§ TASK PROMPT: Only these lines of the data below are wanted: the one with "by apply: arc_disjoint_shift; lia.", the one with "have K_small : (k <= q)%N by lia.", and any lines between them, each repeated exactly.
[PROVIDED RECORDS — start]
(* Let $p,q$ be positive integers with $p/q\ge 2$. If $I$ is an independent set of the Kneser graph $K_{p/q}$, then $|N(I)|\ge \frac{p-q}{q}\,|I|$, where $N(I)$ is the set of vertices adjacent to at least one vertex of $I$.
   Context: For integers $1\le q\le p$, the Kneser graph $K_{p/q}$ has as vertices all $q$-element subsets of $[p]=\{1,\dots,p\}$, two being adjacent iff they are disjoint. *)

From HB Require Import structures.
From mathcomp Require Import all_boot all_order all_algebra.
Set Implicit Arguments. Unset Strict Implicit. Unset Printing Implicit Defensive.

(* Vertices of the Kneser graph K_{p/q}: q-element subsets of [p], modelled as
   subsets of 'I_p (the elements 0..p-1 stand for 1..p). *)
Definition kneser_vertex (p q : nat) (A : {set 'I_p}) : bool := #|A| == q.

Definition kneser_adj (p : nat) (A B : {set 'I_p}) : bool := [disjoint A & B].

Definition kneser_independent (p q : nat) (I : {set {set 'I_p}}) : bool :=
  [forall A in I, kneser_vertex q A] &&
  [forall A in I, forall B in I, ~~ kneser_adj A B].

Definition kneser_nbhd (p q : nat) (I : {set {set 'I_p}}) : {set {set 'I_p}} :=
  [set B | kneser_vertex q B & [exists A in I, kneser_adj A B]].

From HB Require Import structures.
From mathcomp Require Import all_boot all_order all_algebra all_fingroup.
From mathcomp Require Import zify.
Import Order.TTheory GRing.Theory Num.Theory.

(* Katona's cycle method.  Write p = n.+1 and identify [p] with 'Z_p.  For a
   permutation s of [p], the p "arcs" s(i + {0,..,q-1}) (i in 'Z_p) are
   q-subsets of [p].  Fix s and let K (resp. M) be the set of indices i whose
   arc lies in I (resp. in N(I)).  The arcs i + q + j, 0 <= j <= p - 2q, are
   disjoint from arc i, so M contains the interval sumset K + q + [0, p-2q];
   an elementary growth bound for such sumsets in 'Z_p, together with the
   disjointness of K and M, yields the local inequality (p-q)|K| <= q|M|.
   Summing over all s, every q-set B is the i-th arc for the same number g of
   permutations (the symmetric group is transitive on q-sets), so the two sums
   equal p g |I| and p g |N(I)|, and the theorem follows by cancelling p g. *)

Section PermutationsOnSets.
Variable T : finType.

(* The symmetric group acts transitively on the subsets of a given size:
   induction on #|X :\: Y|, swapping a point of X :\: Y with one of Y :\: X. *)
Lemma perm_transitive_sets (X Y : {set T}) :
  #|X| = #|Y| -> exists s : {perm T}, s @: X = Y.
Proof.
move: {2}#|X :\: Y| (leqnn #|X :\: Y|) => k.
elim: k X => [|k IH] X hk hXY.
  have sXY : X \subset Y by rewrite -setD_eq0 -cards_eq0 -leqn0.
  have -> : X = Y by apply/eqP; rewrite eqEcard sXY hXY leqnn.
  by exists 1%g; rewrite imset_perm1.
have [XY0|[x hx]] := set_0Vmem (X :\: Y); first by apply: IH; rewrite ?XY0 ?cards0.
have : 0 < #|Y :\: X| by rewrite cardsD -hXY setIC -cardsD; apply/card_gt0P; exists x.
case/card_gt0P => y hy; move: hx hy; rewrite !inE => /andP [xY xX] /andP [yX yY].
pose X' := tperm x y @: X.
have cX' : #|X'| = #|Y| by rewrite card_imset ?hXY //; apply: perm_inj.
(* Swapping x and y removes x from the difference and adds nothing to it. *)
have sub : X' :\: Y \subset (X :\: Y) :\ x.
  apply/subsetP => z; rewrite !inE => /andP [zY /imsetP [w wX zw]]; subst z.
  move: zY; case: tpermP => [wx|wy|wx wy].
  - by rewrite yY.
  - by move: wX; rewrite wy (negbTE yX).
  - by move=> wY; rewrite wY wX !andbT; apply/eqP.
have [s hs] : exists s : {perm T}, s @: X' = Y.
  apply: IH => //; have := subset_leq_card sub; have := cardsD1 x (X :\: Y).
  by rewrite !inE xY xX /=; lia.
exists (tperm x y * s)%g; rewrite -hs -imset_comp.
by apply: eq_imset => z; rewrite permM.
Qed.

Lemma card_perm_sending (A : {set T}) {X B : {set T}} : #|X| = #|A| -> #|B| = #|A| ->
  #|[set s : {perm T} | s @: X == B]| = #|[set s : {perm T} | s @: A == A]|.
Proof.
move=> hX hB.
have [t ht] := perm_transitive_sets _ _ (esym hX).
have [r hr] := perm_transitive_sets _ _ (esym hB).
pose f (s : {perm T}) := (t^-1 * s * r)%g.
have f_inj : injective f by move=> s1 s2 /mulIg /mulgI.
rewrite -(card_preimset _ f_inj); apply: eq_card => s; rewrite !inE.
have -> : f s @: X = r @: (s @: A).
  by rewrite -ht -!imset_comp; apply: eq_imset => x /=; rewrite !permM permK.
apply/eqP/eqP => [h|->]; last by rewrite hr.
by apply: (imset_inj (@perm_inj _ r)); rewrite h hr.
Qed.

End PermutationsOnSets.

Section CyclicArcs.
Variables n q : nat.
Local Notation Zp := 'I_n.+1.
Hypothesis q_le_p : (q <= n.+1)%N.

Definition init_arc : {set Zp} := [set j : Zp | (j < q)%N].
Definition arc (i : Zp) : {set Zp} := [set (i + a)%R | a in init_arc].

Lemma card_init_arc : #|init_arc| = q.
Proof.
have -> : init_arc = [set widen_ord q_le_p k | k : 'I_q].
  apply/setP => j; rewrite inE; apply/idP/imsetP => [hj|[k _ ->]] //=.
  by exists (Ordinal hj) => //; apply: val_inj.
by rewrite card_imset ?card_ord // => k1 k2 /(congr1 val) e; apply: val_inj.
Qed.

Lemma card_arc i : #|arc i| = q.
Proof. by rewrite card_imset ?card_init_arc //; apply: addrI. Qed.

Lemma arc_disjoint_shift (i : Zp) d : (q <= d)%N -> (d + q <= n.+1)%N ->
  [disjoint arc i & arc (i + inZp d)%R].
Proof.
move=> qd dq; rewrite disjoint_subset; apply/subsetP => x /imsetP [a ha ->].
rewrite inE; apply/negP => /imsetP [b hb].
rewrite -addrA => /addrI /(congr1 val) /=; move: ha hb; rewrite !inE => ha hb.
by rewrite (modn_small (m := d)) ?modn_small; lia.
Qed.

End CyclicArcs.

Arguments init_arc : clear implicits.
Arguments arc : clear implicits.

Section IntervalSumsets.
Variable n : nat.
Local Notation Zp := 'I_n.+1.

Lemma inZpS j : (inZp j.+1 : Zp) = (inZp j + inZp 1)%R.
Proof. by apply: val_inj => /=; rewrite modnDm addn1. Qed.

Lemma inZp0 : (inZp 0 : Zp) = 0%R.
Proof. exact: val_inj. Qed.

(* shift_closure K t is the sumset K + {0, .., t} in 'Z_p, built by adding the
   unit shift of the previous stage t times. *)
Fixpoint shift_closure (K : {set Zp}) t : {set Zp} :=
  if t is t'.+1 then
    shift_closure K t' :|: [set (x + inZp 1)%R | x in shift_closure K t']
  else K.

Lemma shift_closure_sub (K : {set Zp}) t : K \subset shift_closure K t.
Proof. by elim: t => [|t IH] //=; apply: subset_trans IH (subsetUl _ _). Qed.

Lemma shift_closure_mem (K : {set Zp}) t x : x \in shift_closure K t ->
  exists2 k, k \in K & exists2 j, (j <= t)%N & x = (k + inZp j)%R.
Proof.
elim: t x => [|t IH] x /=; first by exists x => //; exists 0%N; rewrite // inZp0 addr0.
case/setUP => [/IH [k hk [j hj ->]]|/imsetP [y /IH [k hk [j hj ->]] ->]].
  by exists k => //; exists j => //; lia.
by exists k => //; exists j.+1 => //; rewrite (inZpS j) addrA.
Qed.

Lemma shift_stable_full (S : {set Zp}) : S != set0 ->
  [set (x + inZp 1)%R | x in S] \subset S -> S = setT.
Proof.
case/set0Pn => s hs hsub.
have hj j : (s + inZp j)%R \in S.
  elim: j => [|j IH]; first by rewrite inZp0 addr0.
  by rewrite inZpS addrA; apply: (subsetP hsub); apply: imset_f.
by apply/setP => v; rewrite inE; have := hj (val (v - s)%R); rewrite valZpK addrC subrK.
Qed.

(* Growth of interval sumsets: |K + {0, .., t}| >= min(p, |K| + t).  Each
   shift step either adds a new point or the set is already all of 'Z_p. *)
Lemma card_shift_closure (K : {set Zp}) t : K != set0 ->
  (minn n.+1 (#|K| + t) <= #|shift_closure K t|)%N.
Proof.
move=> K0; elim: t => [|t IH] /=; first by rewrite addn0 geq_minr.
set S := shift_closure K t.
have S0 : S != set0.
  by apply: contraNneq K0 => S_0; rewrite -subset0 -S_0 shift_closure_sub.
have [hsub|hsub] := boolP ([set (x + inZp 1)%R | x in S] \subset S).
  rewrite [in X in (_ <= X)%N](shift_stable_full _ S0 hsub) setTU cardsT card_ord.
  exact: geq_minl.
have := proper_card (properUl hsub); move: IH; rewrite -/S.
by set a := #|S|; set b := #|_ :|: _|; set k := #|K|; lia.
Qed.

End IntervalSumsets.

Arguments shift_closure {n}.
Arguments card_shift_closure {n K}.

(* M contains (K + q) + {0, .., p - 2q} and is disjoint from K. *)
Lemma cyclic_local_bound n q (I : {set {set 'I_n.+1}}) (s : {perm 'I_n.+1}) :
  (0 < q)%N -> (2 * q <= n.+1)%N -> kneser_independent q I ->
  ((n.+1 - q) * #|[set i | s @: arc n q i \in I]|
    <= q * #|[set i | s @: arc n q i \in kneser_nbhd q I]|)%N.
Proof.
move=> q0 hq /andP [_ /forallP I_indep].
set K := [set i | _ \in I]; set M := [set i | _ \in kneser_nbhd q I].
have [->|K0] := eqVneq K set0; first by rewrite cards0 muln0.
set m := (n.+1 - 2 * q)%N.
set Kq := [set (k + inZp q)%R | k in K].
have card_Kq : #|Kq| = #|K| by rewrite card_imset //; apply: addIr.
have Kq0 : Kq != set0 by rewrite -card_gt0 card_Kq card_gt0.
have sumset_in_M : shift_closure Kq m \subset M.
  apply/subsetP => x /shift_closure_mem [_ /imsetP [k hk ->] [j hj ->]].
  rewrite !inE /kneser_vertex card_imset ?card_arc ?eqxx /=; [|lia|exact: perm_inj].
  apply/existsP; exists (s @: arc n q k); rewrite inE in hk; rewrite hk /=.
  rewrite /kneser_adj imset_disjoint; last exact: perm_inj.
  have -> : (k + inZp q + inZp j)%R = (k + inZp (q + j))%R :> 'I_n.+1.
    by rewrite -addrA; congr (_ + _)%R; apply: val_inj => /=; rewrite modnDm.
  by apply: arc_disjoint_shift; lia.
have KM_disjoint : K :&: M = set0.
  apply/setP => i; rewrite !inE; apply/negP.
  case/andP => hi /andP [_ /existsP [A /andP [hA hadj]]].
  by have := I_indep A; rewrite hA => /forallP /(_ (s @: arc n q i)); rewrite hi hadj.
have KM_le_p : (#|K| + #|M| <= n.+1)%N.
  by rewrite -cardsUI KM_disjoint cards0 addn0; have := max_card (K :|: M); rewrite card_ord.
have := card_shift_closure m Kq0; have := subset_leq_card sumset_in_M.
rewrite card_Kq; move: KM_le_p; set k := #|K|; set mm := #|M|.
move=> KM_le_p sumset_le_M sumset_large.
(* Since K is nonempty and disjoint from M, the sumset cannot be all of 'Z_p,
   so |M| >= |K| + m; then |K| + |M| <= p forces |K| <= q. *)
have k0 : (0 < k)%N by rewrite card_gt0.
have M_large : (k + m <= mm)%N by lia.
have K_small : (k <= q)%N by lia.
have := leq_mul (leqnn m) K_small; have -> : (n.+1 - q = q + m)%N by lia.
by nia.
Qed.

Lemma card_setE (T : finType) (P : pred T) : #|[set x | P x]| = (\sum_x (P x : nat))%N.
Proof. by rewrite -sum1dep_card big_mkcond /=; apply: eq_bigr => x _; case: (P x). Qed.

Lemma sum_arcs_in_family n q (F : {set {set 'I_n.+1}}) : (q <= n.+1)%N ->
  (forall B, B \in F -> #|B| = q) ->
  (\sum_(s : {perm 'I_n.+1}) #|[set i | s @: arc n q i \in F]|)%N
   = (#|F| * (n.+1 * #|[set s : {perm 'I_n.+1} | s @: init_arc n q == init_arc n q]|))%N.
Proof.
move=> hq hF; set g := #|[set s : {perm 'I_n.+1} | _]|.
under eq_bigr do rewrite card_setE.
rewrite exchange_big /= (eq_bigr (fun _ => #|F| * g)%N).
  by rewrite sum_nat_const card_ord mulnCA mulnA [(#|F| * n.+1)%N]mulnC.
move=> i _; rewrite -card_setE -sum1dep_card.
rewrite (partition_big (fun s : {perm 'I_n.+1} => s @: arc n q i) (mem F)) //=.
rewrite -[#|F|]sum1_card big_distrl /=; apply: eq_bigr => B hB; rewrite mul1n.
rewrite (eq_bigl (fun s : {perm 'I_n.+1} => s @: arc n q i == B)); last first.
  by move=> s; case: eqP => [->|_]; rewrite ?hB ?andbF ?andbT.
by rewrite sum1dep_card (card_perm_sending _ (init_arc n q)) ?card_arc ?card_init_arc ?hF.
Qed.

Lemma kneser_expansion_nat n q (I : {set {set 'I_n.+1}}) :
  (0 < q)%N -> (2 * q <= n.+1)%N -> kneser_independent q I ->
  ((n.+1 - q) * #|I| <= q * #|kneser_nbhd q I|)%N.
Proof.
move=> q0 hq hI; have hqn : (q <= n.+1)%N by lia.
have I_size B : B \in I -> #|B| = q.
  by case/andP: hI => /forallP /(_ B) + _ hB; rewrite hB => /eqP.
have N_size B : B \in kneser_nbhd q I -> #|B| = q by rewrite inE => /andP [/eqP].
have := leq_sum (index_enum {perm 'I_n.+1})
  (fun s (_ : true) => @cyclic_local_bound n q I s q0 hq hI).
rewrite -!big_distrr /= !sum_arcs_in_family //.
set g := #|[set s : {perm 'I_n.+1} | _]|.
have g0 : (0 < g)%N by apply/card_gt0P; exists 1%g; rewrite inE imset_perm1.
by rewrite !mulnA !leq_pmul2r.
Qed.

Local Open Scope ring_scope.

Theorem mainTheorem7 (p q : nat) (I : {set {set 'I_p}}) :
  (0 < q)%N -> (0 < p)%N -> (2 <= p%:Q / q%:Q) ->
  kneser_independent q I ->
  ((p%:Q - q%:Q) / q%:Q) * #|I|%:Q <= #|kneser_nbhd q I|%:Q.
Proof.
case: p I => [|n] I q0 // _ ratio hI.
have qQ : 0 < q%:Q by rewrite ltr0n.
rewrite ler_pdivlMr // -natrM ler_nat in ratio.
have := @kneser_expansion_nat n q I q0 ratio hI.
rewrite mulrAC ler_pdivrMr // -natrB; last by lia.
by rewrite -!natrM ler_nat [X in (_ <= X)%N]mulnC.
Qed.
[PROVIDED RECORDS — finish]
§ RESULT OF THE EXERCISE:
  by apply: arc_disjoint_shift; lia.
have KM_disjoint : K :&: M = set0.
  apply/setP => i; rewrite !inE; apply/negP.
  case/andP => hi /andP [_ /existsP [A /andP [hA hadj]]].
  by have := I_indep A; rewrite hA => /forallP /(_ (s @: arc n q i)); rewrite hi hadj.
have KM_le_p : (#|K| + #|M| <= n.+1)%N.
  by rewrite -cardsUI KM_disjoint cards0 addn0; have := max_card (K :|: M); rewrite card_ord.
have := card_shift_closure m Kq0; have := subset_leq_card sumset_in_M.
rewrite card_Kq; move: KM_le_p; set k := #|K|; set mm := #|M|.
move=> KM_le_p sumset_le_M sumset_large.
(* Since K is nonempty and disjoint from M, the sumset cannot be all of 'Z_p,
   so |M| >= |K| + m; then |K| + |M| <= p forces |K| <= q. *)
have k0 : (0 < k)%N by rewrite card_gt0.
have M_large : (k + m <= mm)%N by lia.
have K_small : (k <= q)%N by lia.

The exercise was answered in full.